Con il nuovo decreto europeo salva infrazioni, sono state riviste delle regole sul jobs act. Le modifiche sono state apportate sui contratti di lavoro a termine (sia riguardanti il settore pubblico sia quello privato).
I cambiamenti riguardano – come accennato – sia il settore privato che quello pubblico. Grazie ad una rivisitazione dell’articolo 28 del comma 2 e comma 3, del decreto numero 81/2015, sono stati introdotti – giusto per fare un esempio – i risarcimenti “illimitati“.
Modifiche al jobs act, cosa cambia?
Il primo cambiamento sul jobs act riguarda i risarcimenti illimitati (almeno potenzialmente). Nel caso in cui i datori di lavoro abusassero dei contratti a termine allora il dipendente potrà richiedere un rimborso sui danni subiti (prima corrispondeva a massimo 12 mensilità di stipendio, ora non ci sono limiti).
Interventi severi anche sui contratti del settore pubblico, dove la riscrittura dell’articolo 36 del Decreto Legislativo 165/2001, ha permesso al lavoratore di poter denunciare l’abuso su un contratto a tempo determinato.
Il Legislatore può infliggere una pena che va da un minimo di quattro a massimo dodici mensilità dell’ultimo stipendio. Il fattore che incide maggiormente è la gravità della violazione contestata.
Le conseguenze
Una normativa simile e a favore dei contratti di lavoro flessibili, era stata già attivata nel lontano 2015, dove però erano sorti dei problemi importanti: pochi indennizzi e inadeguati rispetto al danno subito, e un lungo iter processuale.
Questi problemi erano stati risolti con il jobs act, che però a fronte di alcune rivisitazioni ha subito dei cambiamenti significativi. Una delle penalizzazioni subite ad esempio, è stata la pronuncia della Corte Costituzionale che smantellato parte delle garanzie a tutela dei dipendenti (con l’introduzione del licenziamento per giustificato motivo oggettivo).

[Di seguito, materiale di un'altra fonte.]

(* Fix a state $s$, a utility $u:\mathcal S\times\Omega\times\mathcal A\to[0,1]$, a function $Q:\mathcal S\times\Omega\times\mathcal A\to[0,H]$ and priors $\mu_1,\mu_2\in\Delta(\Omega)$, and let $\mathcal B_{1,2}=\mathbb B(\mu_1,\|\mu_1-\mu_2\|_1)$. Then $$\max_{\pi_1\in\mathrm{Pers}(\mu_1,u)}\langle Q,\mu_1\otimes\pi_1\rangle(s)-\max_{\pi_2\in\mathrm{Pers}(\mu_2,u)}\langle Q,\mu_2\otimes\pi_2\rangle(s)\le\mathrm{Gap}(s,\mu_1,\mathcal B_{1,2};Q)+\frac H2\|\mu_1-\mu_2\|_1.$$
   Context: $\mathcal A$ is a finite action set, $\mathcal S$ a state space and $\Omega$ an outcome space; $\Delta(\Omega)$ is the set of probability distributions on $\Omega$ (with densities/mass functions $\mu(\omega)$), and $\|\mu-\mu'\|_1=\int_\Omega|\mu(\omega)-\mu'(\omega)|\,\mathrm d\omega$. A signaling scheme $\pi$ assigns to each $(s,\omega)$ a distribution $\pi(\cdot\mid s,\omega)\in\Delta(\mathcal A)$. For a prior $\mu$ and utility $u$, $\mathrm{Pers}(\mu,u)$ is the set of $\pi$ with $\int_\Omega\mu(\omega)\pi(a\mid s,\omega)[u(s,\omega,a)-u(s,\omega,a')]\,\mathrm d\omega\ge0$ for all $a,a'\in\mathcal A$ and states $s$; for a set $\mathcal B\subseteq\Delta(\Omega)$, $\mathrm{Pers}(\mathcal B,u)=\bigcap_{\mu'\in\mathcal B}\mathrm{Pers}(\mu',u)$. $\langle Q,\mu\otimes\pi\rangle(s)=\mathbb E_{\omega\sim\mu,\,a\sim\pi(\cdot\mid s,\omega)}[Q(s,\omega,a)]$. The robustness gap is $\mathrm{Gap}(s,\mu,\mathcal B;Q)=\max_{\pi\in\mathrm{Pers}(\mu,u)}\langle Q,\mu\otimes\pi\rangle(s)-\max_{\pi\in\mathrm{Pers}(\mathcal B,u)}\langle Q,\mu\otimes\pi\rangle(s)$. $\mathbb B(\mu,\epsilon)=\{\mu'\in\Delta(\Omega):\|\mu-\mu'\|_1\le\epsilon\}$. *)

From HB Require Import structures.
From mathcomp Require Import all_boot all_order all_algebra.
From mathcomp Require Import all_classical all_reals all_analysis.
Set Implicit Arguments. Unset Strict Implicit. Unset Printing Implicit Defensive.
Import Order.TTheory GRing.Theory Num.Theory.
Local Open Scope classical_set_scope.
Local Open Scope ring_scope.

Section Persuasion.
Context {R : realType} {d : measure_display} {Omega : measurableType d}
  (lam : {measure set Omega -> \bar R}) {S : Type} {A : finType}.

Definition is_prior (mu : Omega -> R) : Prop :=
  [/\ measurable_fun setT mu, (forall w, 0 <= mu w)
    & (\int[lam]_w (mu w)%:E = 1)%E].

Definition L1dist (mu mu' : Omega -> R) : \bar R :=
  (\int[lam]_w (`|mu w - mu' w|)%:E)%E.

Definition L1ball (mu : Omega -> R) (eps : \bar R) : set (Omega -> R) :=
  [set mu' | is_prior mu' /\ (L1dist mu mu' <= eps)%E].

Definition is_scheme (pi : S -> Omega -> A -> R) : Prop :=
  forall s, [/\ (forall a, measurable_fun setT (fun w => pi s w a)),
    (forall w a, 0 <= pi s w a) & (forall w, \sum_(a : A) pi s w a = 1)].

Definition Pers (mu : Omega -> R) (u : S -> Omega -> A -> R)
  (pi : S -> Omega -> A -> R) : Prop :=
  is_scheme pi /\ forall s (a a' : A),
    (0 <= \int[lam]_w (mu w * pi s w a * (u s w a - u s w a'))%:E)%E.

Definition PersSet (B : set (Omega -> R)) (u : S -> Omega -> A -> R)
  (pi : S -> Omega -> A -> R) : Prop :=
  is_scheme pi /\ forall mu', B mu' -> Pers mu' u pi.

Definition value (Q : S -> Omega -> A -> R) (mu : Omega -> R)
  (pi : S -> Omega -> A -> R) (s : S) : \bar R :=
  (\int[lam]_w (mu w * \sum_(a : A) pi s w a * Q s w a)%:E)%E.

Definition optPers (Q u : S -> Omega -> A -> R) (mu : Omega -> R) (s : S) : \bar R :=
  ereal_sup [set value Q mu pi s | pi in Pers mu u].

Definition optPersSet (Q u : S -> Omega -> A -> R) (mu : Omega -> R)
  (B : set (Omega -> R)) (s : S) : \bar R :=
  ereal_sup [set value Q mu pi s | pi in PersSet B u].

Definition Gap (u : S -> Omega -> A -> R) (s : S) (mu : Omega -> R)
  (B : set (Omega -> R)) (Q : S -> Omega -> A -> R) : \bar R :=
  (optPers Q u mu s - optPersSet Q u mu B s)%E.

End Persuasion.

(** For a fixed signaling scheme, moving the prior from [mu1] to [mu2] changes
    the value [<Q, mu (x) pi>(s)] by at most [H/2 * ||mu1 - mu2||_1]: both priors
    have mass 1, so [Q] may be centred at [H/2] before integrating, and the
    centred expected payoff has absolute value at most [H/2].  Every scheme that
    is persuasive for the whole ball [B(mu1, ||mu1 - mu2||_1)] is persuasive for
    [mu2] in particular, hence the robust optimum at [mu1] is at most the optimum
    at [mu2] plus [H/2 * ||mu1 - mu2||_1]; subtracting this from the optimum at
    [mu1] yields the bound. *)

From HB Require Import structures.
From mathcomp Require Import all_boot all_order all_algebra.
From mathcomp Require Import all_classical all_reals all_analysis.
From mathcomp Require Import measurable_realfun lra.
Set Implicit Arguments. Unset Strict Implicit. Unset Printing Implicit Defensive.
Import Order.TTheory GRing.Theory Num.Theory.
Local Open Scope classical_set_scope.
Local Open Scope ring_scope.

Lemma ler_centered_mul {R : realFieldType} {H y : R} (x : R) :
  0 <= y <= H -> x * (y - H / 2) <= H / 2 * `|x|.
Proof.
move=> /andP[y0 yH]; have [x0|x0] := lerP 0 x.
- by rewrite ger0_norm //; nra.
- by rewrite ltr0_norm //; nra.
Qed.

Lemma lee_subeD {R : realDomainType} (x1 x2 y c : \bar R) :
  (x1 < +oo)%E -> (x2 < +oo)%E -> (y < +oo)%E -> (0 <= c)%E ->
  (y <= x2 + c)%E -> (x1 - x2 <= (x1 - y) + c)%E.
Proof.
case: x1 => [r1||] //; case: x2 => [r2||] //; case: y => [r3||] //;
  case: c => [r4||] //= _ _ _; rewrite ?lee_fin.
- by lra.
all: by move=> *; rewrite ?addey ?addye ?leey.
Qed.

Section PriorSensitivity.
Context {R : realType} {d : measure_display} {Omega : measurableType d}
  (lam : {measure set Omega -> \bar R}) {S : Type} {A : finType}.

Lemma prior_support_neq0 (mu : Omega -> R) : is_prior lam mu -> [set: Omega] !=set0.
Proof.
case=> _ _ mu1; apply/set0P/eqP => setT0.
by move: mu1; rewrite setT0 integral_set0 => /eqP; rewrite eqe eq_sym oner_eq0.
Qed.

Lemma ge0_integral_EFinD (g h : Omega -> R) :
  measurable_fun setT g -> measurable_fun setT h ->
  (forall w, 0 <= g w) -> (forall w, 0 <= h w) ->
  (\int[lam]_w (g w + h w)%:E = \int[lam]_w (g w)%:E + \int[lam]_w (h w)%:E)%E.
Proof.
move=> mg mh g0 h0; under eq_integral do rewrite EFinD.
by apply: ge0_integralD => // [w _||w _|]; rewrite ?lee_fin //; exact/measurable_EFinP.
Qed.

Lemma ge0_integral_EFinZl (c : R) (g : Omega -> R) :
  0 <= c -> measurable_fun setT g -> (forall w, 0 <= g w) ->
  (\int[lam]_w (c * g w)%:E = c%:E * \int[lam]_w (g w)%:E)%E.
Proof.
move=> c0 mg g0; under eq_integral do rewrite EFinM.
by apply: ge0_integralZl_EFin => // [w _|]; rewrite ?lee_fin //; exact/measurable_EFinP.
Qed.

Variables (Q : S -> Omega -> A -> R) (H : R).
Hypothesis H_ge0 : 0 <= H.
Hypothesis Q_bounded : forall s w a, 0 <= Q s w a <= H.
Hypothesis Q_measurable : forall s a, measurable_fun setT (fun w => Q s w a).

Definition scheme_mean (pi : S -> Omega -> A -> R) (s : S) (w : Omega) : R :=
  \sum_(a : A) pi s w a * Q s w a.

Section FixedScheme.
Variables (pi : S -> Omega -> A -> R) (s : S).
Hypothesis pi_scheme : is_scheme pi.

Lemma measurable_scheme_mean : measurable_fun setT (scheme_mean pi s).
Proof.
have [mpi _ _] := pi_scheme s.
by apply: measurable_sum => a; exact: measurable_funM.
Qed.

Lemma scheme_mean_bounded w : 0 <= scheme_mean pi s w <= H.
Proof.
have [_ pi0 pi1] := pi_scheme s.
apply/andP; split.
  by apply: sumr_ge0 => a _; rewrite mulr_ge0 //; case/andP: (Q_bounded s w a).
rewrite /scheme_mean -[H]mul1r -(pi1 w) mulr_suml; apply: ler_sum => a _.
by rewrite ler_wpM2l //; case/andP: (Q_bounded s w a).
Qed.

Let mean_ge0 w : 0 <= scheme_mean pi s w.
Proof. by case/andP: (scheme_mean_bounded w). Qed.

Lemma value_le_bound (mu : Omega -> R) : is_prior lam mu ->
  (value lam Q mu pi s <= H%:E)%E.
Proof.
case=> mmu mu0 mu1.
apply: (@le_trans _ _ (\int[lam]_w (H * mu w)%:E)%E).
  apply: ge0_le_integral => // [w _|||w _].
  - by rewrite lee_fin; exact: mulr_ge0 (mu0 w) (mean_ge0 w).
  - by apply/measurable_EFinP; apply: measurable_funM => //; exact: measurable_scheme_mean.
  - by apply/measurable_EFinP; exact: measurable_funM.
  - by rewrite lee_fin mulrC ler_wpM2r //; case/andP: (scheme_mean_bounded w).
by rewrite ge0_integral_EFinZl // mu1 mule1.
Qed.

Lemma value_le_L1dist (mu1 mu2 : Omega -> R) :
  is_prior lam mu1 -> is_prior lam mu2 ->
  (value lam Q mu1 pi s <= value lam Q mu2 pi s + (H / 2)%:E * L1dist lam mu1 mu2)%E.
Proof.
move=> [m1 p1 i1] [m2 p2 i2].
pose f := scheme_mean pi s; pose dist w := `|mu1 w - mu2 w|.
have h0 : 0 <= H / 2 by rewrite divr_ge0.
have mf : measurable_fun setT f := measurable_scheme_mean.
have pdist w : 0 <= dist w := normr_ge0 _.
have mdist : measurable_fun setT dist.
  by apply: measurableT_comp => //; exact: measurable_funB.
have m1f : measurable_fun setT (fun w => mu1 w * f w) by exact: measurable_funM.
have m2f : measurable_fun setT (fun w => mu2 w * f w) by exact: measurable_funM.
have integrated : (\int[lam]_w (mu1 w * f w + H / 2 * mu2 w)%:E
    <= \int[lam]_w (mu2 w * f w + (H / 2 * mu1 w + H / 2 * dist w))%:E)%E.
  apply: ge0_le_integral => // [w _|||w _].
  - by rewrite lee_fin addr_ge0 ?mulr_ge0.
  - by apply/measurable_EFinP; apply: measurable_funD => //; exact: measurable_funM.
  - by apply/measurable_EFinP; do 2 apply: measurable_funD => //; exact: measurable_funM.
  - rewrite lee_fin; have := ler_centered_mul (mu1 w - mu2 w) (scheme_mean_bounded w).
    by rewrite /dist /f; lra.
move: integrated; rewrite !ge0_integral_EFinD ?ge0_integral_EFinZl //.
  by rewrite i1 i2 mule1 addeCA [X in (_ <= X)%E]addeC leeD2rE.
all: by [ move=> w; rewrite ?addr_ge0 ?mulr_ge0 ?pdist
        | apply: measurable_funD; exact: measurable_funM | exact: measurable_funM ].
Qed.

End FixedScheme.

Variables (u : S -> Omega -> A -> R) (s : S).

Lemma optPers_le_bound (mu : Omega -> R) : is_prior lam mu ->
  (optPers lam Q u mu s <= H%:E)%E.
Proof. by move=> prior; apply: ge_ereal_sup => _ [pi [scheme _] <-]; exact: value_le_bound. Qed.

Lemma optPersSet_le_bound (mu : Omega -> R) (B : set (Omega -> R)) :
  is_prior lam mu -> (optPersSet lam Q u mu B s <= H%:E)%E.
Proof. by move=> prior; apply: ge_ereal_sup => _ [pi [scheme _] <-]; exact: value_le_bound. Qed.

Lemma optPersSet_le_optPers_L1dist (mu1 mu2 : Omega -> R) (B : set (Omega -> R)) :
  is_prior lam mu1 -> is_prior lam mu2 -> B mu2 ->
  (optPersSet lam Q u mu1 B s <= optPers lam Q u mu2 s + (H / 2)%:E * L1dist lam mu1 mu2)%E.
Proof.
move=> prior1 prior2 B_mu2; apply: ge_ereal_sup => _ [pi [scheme persB] <-].
apply: le_trans (value_le_L1dist s scheme prior1 prior2) _.
by rewrite leeD2r //; apply: ereal_sup_ubound; exists pi => //; exact: persB.
Qed.

End PriorSensitivity.

Theorem mainTheorem9 (R : realType) (d : measure_display) (Omega : measurableType d)
  (lam : {measure set Omega -> \bar R}) (S : Type) (A : finType) (a0 : A)
  (s : S) (u Q : S -> Omega -> A -> R) (H : R) (mu1 mu2 : Omega -> R) :
  (forall s' w a, 0 <= u s' w a <= 1) ->
  (forall s' a, measurable_fun setT (fun w => u s' w a)) ->
  (forall s' w a, 0 <= Q s' w a <= H) ->
  (forall s' a, measurable_fun setT (fun w => Q s' w a)) ->
  is_prior lam mu1 -> is_prior lam mu2 ->
  (optPers lam Q u mu1 s - optPers lam Q u mu2 s <=
   Gap lam u s mu1 (L1ball lam mu1 (L1dist lam mu1 mu2)) Q
   + (H / 2)%:E * L1dist lam mu1 mu2)%E.
Proof.
move=> _ _ Q_bounded Q_measurable prior1 prior2.
have H_ge0 : 0 <= H.
  have [w _] := prior_support_neq0 prior1.
  by have /andP[Q0 QH] := Q_bounded s w a0; exact: le_trans QH.
have finite_below_H x : (x <= H%:E)%E -> (x < +oo)%E by move/le_lt_trans; apply; exact: ltry.
have mu2_in_ball : L1ball lam mu1 (L1dist lam mu1 mu2) mu2 by split.
apply: lee_subeD.
- exact/finite_below_H/(optPers_le_bound H_ge0 Q_bounded Q_measurable u s prior1).
- exact/finite_below_H/(optPers_le_bound H_ge0 Q_bounded Q_measurable u s prior2).
- exact/finite_below_H/(optPersSet_le_bound H_ge0 Q_bounded Q_measurable u s _ prior1).
- by rewrite mule_ge0 ?lee_fin ?divr_ge0 //; apply: integral_ge0.
- exact: optPersSet_le_optPers_L1dist.
Qed.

Tuttavia la normativa sui contratti a termine – con le attuali variazioni al jobs act – prevede che il lavoratore può essere assunto a tempo determinato per un periodo massimo di dodici mesi, e soltanto in casi eccezionali si può prorogare a 24 mesi.
Ogni caso di proroga eccezionale dev’essere valutata in modo soggettivo, e può includere ad esempio l’assenza di una normativa di un contratto collettivo per quel settore o la nascita di esigenze indispensabili che costringono l’azienda a sostituire il lavoratore.